Statistical Inference Course Project: PART 1

Overview:

The goal of the project is for the students to answer particular questions, demonstrate the use of simulation to explore inference, and do some simple inferential data analysis. A report will be created to answer the questions. I chose to use RPubs to publish this project, to demonstrate my knowledge of markdown, knitr and pdf-conversion. Ultimately the goal is to investigate the exponential distribution in R and compare it with the Central Limit Theorem.

1. Show the sample mean and compare it to the theoretical mean of the distribution.

2. Show how variable the sample is (via variance) and compare it to the theoretical variance of the distribution.

3. Show that the distribution is approximately normal.

Loading necessary packages

library(knitr)
library(ggplot2)
library(dplyr)

Simulations:

Part ONE: Sample Mean versus Theoretical Mean:

1. We set the number of simulations to 1,000, using n=40 and lambda =.02

numberOfSim <- 1000
sampleSize <- 40
lambda <- 0.2

2. In order to reproduce date, the seed is set and random values are generated.

set.seed(2)
simulatedData <- matrix(rexp(numberOfSim*sampleSize, rate=lambda), numberOfSim, sampleSize)
rowMeansSimulated <- rowMeans(simulatedData)
generatedMeansData<-data.frame(rowMeansSimulated)

3. Derive theoretical values:

theoreticalMean <- 1/lambda;
theoreticalSD <- 1/(lambda*sqrt(sampleSize))
theoreticalVar <- theoreticalSD^2

4. Plotting the exponential distribution with lambda = 2.0

firstplot <- ggplot(generatedMeansData,aes(x=rowMeansSimulated)) + labs(title="Sample Mean versus Theoretical Mean") + geom_histogram(bindwidth=lambda, fill="white",color="black", aes(y = ..density..)) + geom_density(alpha=.2, fill="#FF6666")
#create a vertical line showing the mean of the simulations distrbuted
firstplot = firstplot + geom_vline(aes(xintercept=mean(rowMeansSimulated, na.rm=T)), color="red", linetype="dashed", size=1) + xlab("Sample Mean") + ylab("Density")
#create a line to show where the theoretical mean is
firstplot = firstplot + geom_vline(aes(xintercept=theoreticalMean), color="blue", linetype="solid", size=1)
firstplot

## stat_bin: binwidth defaulted to range/30. Use 'binwidth = x' to adjust this.

Looking at the plot above, the dashed line is the mean of the simulated distribution which is close to 5 which is close to the value of the theoretical mean 1/lambda. Let us compute the actual values:

The standard mean is computed by mean(generatedMeansData$rowMeansSimulated) Meanwhile, the theoretical mean, as computed above is: 5

Observation:

We can see that the sample mean has the same shape, center and distribution as the theoretical mean. This observation is in accordance to the predictions of Central Limit Theorem

Part TWO: Sample Variance versus Theoretical Variance:

1. First, the created data that will be plotted is generated

set.seed(2)
simulatedDataForVariance <- replicate(numberOfSim, (sd(rexp(sampleSize,lambda)/sqrt(sampleSize)))^2 )
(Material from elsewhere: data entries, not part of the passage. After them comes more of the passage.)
(* Let $G$ be a strategic game with players $1,\dots,n$. The $\mathcal{L}_\nu$-formula $$(\mathit{rat}_{gbr}\wedge\Box^*\mathit{rat}_{gbr})\rightarrow\nu X.\,O_{lsd}X$$ is a theorem of the proof system $\mathbf{R}$, where $gbr=(gbr_1,\dots,gbr_n)$ and $lsd=(lsd_1,\dots,lsd_n)$.
   Context: Strategic game $G=(T_1,\dots,T_n,<_1,\dots,<_n)$: arbitrary nonempty strategy sets $T_i$, $<_i$ a total linear order on $T=\prod_iT_i$, $\ge_i$ its reflexive closure; restriction $S=(S_1,\dots,S_n)$, $S_i\subseteq T_i$. $\mathcal{L}_O$: first-order formulas from atoms $C(a)$, $a\ge^i_cb$ ($a,b,c$ variables or constant $o$) with $\neg,\wedge,\exists$; abbreviations $\exists x\in C\,\phi:=\exists x(C(x)\wedge\phi)$, $\forall x\in C\,\phi:=\forall x(C(x)\to\phi)$. In an optimality model $(G,G',s)$ with assignment $\alpha$ ($o\mapsto s$): $C(x)$ iff $\alpha(x)_j\in G'_j$ for all $j$; $x\ge^i_zy$ iff $(\alpha(x)_i,\alpha(z)_{-i})\ge_i(\alpha(y)_i,\alpha(z)_{-i})$. Optimality condition for $i$: closed formula using only $\ge^i$; positive if every $C(\cdot)$ is under an even number of negations. Specific conditions: $gbr_i:=\exists z\in C\,\forall y\;o\ge^i_zy$ (global best response) and $lsd_i:=\forall y\in C\,\exists z\in C\;o\ge^i_zy$ (not locally strictly dominated). Belief model, $G_E$, and $\mathcal{L}_\nu$ with its semantics: $(\Omega,\bar s_1,\dots,\bar s_n,P_1,\dots,P_n)$; $(G_E)_i=\{\bar s_i(u):u\in E\}$; $\psi::=\mathit{rat}_{\phi_i}\mid X\mid\psi\wedge\psi\mid\neg\psi\mid\Box_i\psi\mid O_{\phi_i}\psi\mid\nu X.\psi$ ($\nu$-free body); $[\![\mathit{rat}_{\phi_i}]\!]_E=\{\omega:(G,G_{P_i(\omega)},\bar s(\omega))\models\phi_i\}$, $[\![X]\!]_E=E$, $[\![\Box_i\psi]\!]_E=\{\omega:P_i(\omega)\subseteq[\![\psi]\!]_E\}$, $[\![O_{\phi_i}\psi]\!]_E=\{\omega:(G,G_{[\![\psi]\!]_E},\bar s(\omega))\models\phi_i\}$, $[\![\nu X.\psi]\!]_E$ the transfinite-iteration outcome (starting from $\Omega$, intersections at limits) of $F\mapsto[\![\psi]\!]_F\cap F$. Abbreviations $\mathit{rat}_\phi,\Box\psi,O_\phi\psi$ as conjunctions over players and $\Box^*\psi:=\nu X.\Box(X\wedge\psi)$. Positive in $X$: each $X$ under an even number of negations and inside $O_{\phi_i}$ only for positive $\phi_i$. Proof system $\mathbf{P}$: propositional reasoning plus, for positive optimality conditions and $\psi$ positive in $X$: $\mathit{rat}_\phi\to(\Box\chi\to O_\phi\chi)$; $\nu X.\psi\to\psi[X\mapsto\nu X.\psi]$; from $\chi\to\psi[X\mapsto\chi]$ infer $\chi\to\nu X.\psi$. Proof system $\mathbf{R}$: $\mathbf{P}$ plus a standard first-order proof system for $\mathcal{L}_O$-formulas, plus the rules (Incl) from $\chi\to\psi$ infer $\nu X.\chi\to\nu X.\psi$, where $\chi$ is positive in $X$ and $\psi$ is any $\nu$-free formula; and (Link) from $\phi_i\to\psi_i$ for all $i\in[1..n]$ (as $\mathcal{L}_O$-formulas) infer $O_\phi X\to O_\psi X$. *)

(* Syntax of L_O and L_nu, the first-order proof system and
   the proof system R, following the paper. Players are numbered 0..n-1. *)
From Stdlib Require Import Arith Lia.

Definition player (n : nat) := { i : nat | i < n }.

Record StrategicGame (n : nat) := {
  strat : player n -> Type;
  strat_nonempty : forall i, inhabited (strat i);
  (* pref i x y  means  x <_i y  on profiles T = prod_i T_i *)
  pref : player n -> (forall j, strat j) -> (forall j, strat j) -> Prop;
  pref_irrefl : forall i x, ~ pref i x x;
  pref_trans : forall i x y z, pref i x y -> pref i y z -> pref i x z;
  pref_total : forall i x y, pref i x y \/ x = y \/ pref i y x
}.

Inductive term := TV (k : nat) | TO.

Inductive oform :=
| OC (t : term)
| OGe (i : nat) (a b c : term)         (* a >=^i_c b *)
| ONot (p : oform)
| OAnd (p q : oform)
| OEx (p : oform).                     (* binds de Bruijn index 0 *)

Definition OImp (p q : oform) := ONot (OAnd p (ONot q)).
Definition OAll (p : oform) := ONot (OEx (ONot p)).

Definition lift_t (k : nat) (t : term) : term :=
  match t with TV m => if k <=? m then TV (S m) else TV m | TO => TO end.
Fixpoint olift (k : nat) (p : oform) : oform :=
  match p with
  | OC t => OC (lift_t k t)
  | OGe i a b c => OGe i (lift_t k a) (lift_t k b) (lift_t k c)
  | ONot p => ONot (olift k p)
  | OAnd p q => OAnd (olift k p) (olift k q)
  | OEx p => OEx (olift (S k) p)
  end.

Definition subst_t (k : nat) (s t : term) : term :=
  match t with
  | TV m => if m =? k then s else if k <? m then TV (pred m) else TV m
  | TO => TO
  end.
Fixpoint osubst (k : nat) (s : term) (p : oform) : oform :=
  match p with
  | OC t => OC (subst_t k s t)
  | OGe i a b c => OGe i (subst_t k s a) (subst_t k s b) (subst_t k s c)
  | ONot p => ONot (osubst k s p)
  | OAnd p q => OAnd (osubst k s p) (osubst k s q)
  | OEx p => OEx (osubst (S k) (lift_t 0 s) p)
  end.

Definition tclosed (k : nat) (t : term) : Prop :=
  match t with TV m => m < k | TO => True end.
Fixpoint oclosed (k : nat) (p : oform) : Prop :=
  match p with
  | OC t => tclosed k t
  | OGe _ a b c => tclosed k a /\ tclosed k b /\ tclosed k c
  | ONot p => oclosed k p
  | OAnd p q => oclosed k p /\ oclosed k q
  | OEx p => oclosed (S k) p
  end.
2. Plotting the sample variance as a histogram while the theoretical variance of a normal distribution

#sample variance vs normal distribution 
dfVariance <- data.frame(simulatedDataForVariance)
secondplot <- ggplot(dfVariance, aes(x=simulatedDataForVariance)) +  geom_histogram(binwidth = lambda,fill="blue3",color="white", alpha=.3, aes(y=..density..))+ ylab("Density") + xlab("Sample Variance")+ ggtitle("Sample Variance VS Theoretical Variance (w/1,000 simulations)")
secondplot = secondplot + stat_function(fun = dnorm, color = "black", size = 2, arg = list(mean=mean(simulatedDataForVariance), sd = sd(simulatedDataForVariance)))
print(secondplot)

Distribution:

We can see that the sample variance matches the shape and central central weight of the theoretical variance generated by dnorm. Also, the more simulations, the narrower the graph is towards the center. Again, this distribution is in accordance to the predictions of Central Limit Theorem and Borel’s Law of Large Numbers.